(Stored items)
────────────────────
(* The (adjoint-induced) action of g on g (x) g, extended linearly from
   x.(a (x) b) = [x,a] (x) b + a (x) [x,b]; on /\^2 g it gives
   x.(a /\ b) = [x,a] /\ b + a /\ [x,b]. *)
Definition act (x : WW) (t : WW2) : WW2 :=
  \sum_(k <- msupp t)
     t@_k *: (tens (br x (e k.1)) (e k.2) + tens (e k.1) (br x (e k.2))).

From HB Require Import structures.
From mathcomp Require Import all_boot all_algebra.
From mathcomp Require Import Rstruct.
From mathcomp.real_closed Require Import complex.
From mathcomp Require Import finmap.
From mathcomp.multinomials Require Import monalg.
From mathcomp Require Import ring zify.
Import GRing.Theory Num.Theory.
Local Open Scope ring_scope.

(* A 1-cocycle delta is determined by the coefficient arrays d k of the
   delta(e_k) on the basis e_p (x) e_q; the cocycle identity, antisymmetry
   and finiteness of support become statements about these arrays
   ([cocycle_coef], [antisym], [fin_bisupport]), and coboundaries become the
   arrays [basis_act k r].  The coefficient statement [cocycle_coef_exact]
   is proved by subtracting coboundaries in three steps:
   1. kill delta(L_0) and delta(\bar L_0), after which every delta(e_k) is
      concentrated in the weight of e_k ([weight_support]);
   2. kill the mixed components with the coboundary of L_0 /\ \bar L_0;
   3. solve each copy of W separately ([witt_H1]), which rests on a rigidity
      result for Witt cocycles ([witt_rigidity]) proved by propagating
      vanishing along two-term recurrences. *)

Lemma intrC_neq0 (z : int) : z != 0 -> (z%:~R : C) != 0.
Proof. by rewrite intr_eq0. Qed.

Lemma mul_intrC_eq0 (z : int) (x : C) : z != 0 -> z%:~R * x = 0 -> x = 0.
Proof. by move=> /intrC_neq0 hz /eqP; rewrite mulf_eq0 (negPf hz) => /eqP. Qed.

(* An equation u = v follows from an equation x = y whenever u - v is a
   multiple of x - y; all coefficient identities below are derived this way
   from instances of the cocycle identity, with [ring] proving the premise. *)
Lemma eq_via (c : C) {x y u v : C} : x = y -> u - v = c * (x - y) -> u = v.
Proof. by move=> -> /eqP; rewrite subrr mulr0 subr_eq0 => /eqP. Qed.

Lemma eq_opp_self (x : C) : x = - x -> x = 0.
Proof.
by move=> h; apply: (@mul_intrC_eq0 2) => //; apply: (eq_via 1 h); ring.
Qed.

(* A 1-cocycle of W with values in /\^2 W maps L_m
   to an element of weight m, so it is encoded by the coefficients
   a m j of L_j (x) L_(m-j) in delta(L_m); [witt_cocycle a] is the cocycle
   identity delta[L_m,L_n] = L_m.delta(L_n) - L_n.delta(L_m) read off on the
   coefficient of L_j (x) L_(m+n-j). *)
Definition witt_cocycle (a : int -> int -> C) : Prop := forall m n j,
  (m - n)%:~R * a (m + n) j
  = (2 * m - j)%:~R * a n (j - m) + (m - n + j)%:~R * a n j
    - (2 * n - j)%:~R * a m (j - n) - (n - m + j)%:~R * a m j.

Definition witt_antisym (a : int -> int -> C) : Prop :=
  forall m j, a m j = - a m (m - j).

Definition fin_support (f : int -> C) : Prop :=
  exists N : int, forall j, N < `|j| -> f j = 0.

Lemma fin_support_up {f} : fin_support f -> exists N, forall j, N < j -> f j = 0.
Proof. by case=> N hN; exists `|N| => j hj; apply: hN; lia. Qed.

Lemma fin_support_down {f} : fin_support f -> exists N, forall j, j < N -> f j = 0.
Proof. by case=> N hN; exists (- `|N|) => j hj; apply: hN; lia. Qed.

(* The cocycle identity with the shifted indices given by equations, so that
   instances can be stated in the normal form in which they are used. *)
Lemma witt_cocycle_at {a} (HE : witt_cocycle a) {m n k j x y : int} :
  k = m + n -> x = j - m -> y = j - n ->
  (m - n)%:~R * a k j
  = (2 * m - j)%:~R * a n x + (m - n + j)%:~R * a n j
    - (2 * n - j)%:~R * a m y - (n - m + j)%:~R * a m j.
Proof. by move=> -> -> ->; apply: HE. Qed.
────────────────────
## [TASK GOAL]
Only this range is to be output: the line that contains "N < j -> f j = 0." through the last line of the records above, both inclusive.

## [ANSWER SECTION]
Lemma fin_support_up {f} : fin_support f -> exists N, forall j, N < j -> f j = 0.
Proof. by case=> N hN; exists `|N| => j hj; apply: hN; lia. Qed.

Lemma fin_support_down {f} : fin_support f -> exists N, forall j, j < N -> f j = 0.
Proof. by case=> N hN; exists (- `|N|) => j hj; apply: hN; lia. Qed.

(* The cocycle identity with the shifted indices given by equations, so that
   instances can be stated in the normal form in which they are used. *)
Lemma witt_cocycle_at {a} (HE : witt_cocycle a) {m n k j x y : int} :
  k = m + n -> x = j - m -> y = j - n ->
  (m - n)%:~R * a k j
  = (2 * m - j)%:~R * a n x + (m - n + j)%:~R * a n j
    - (2 * n - j)%:~R * a m y - (n - m + j)%:~R * a m j.
Proof. by move=> -> -> ->; apply: HE. Qed.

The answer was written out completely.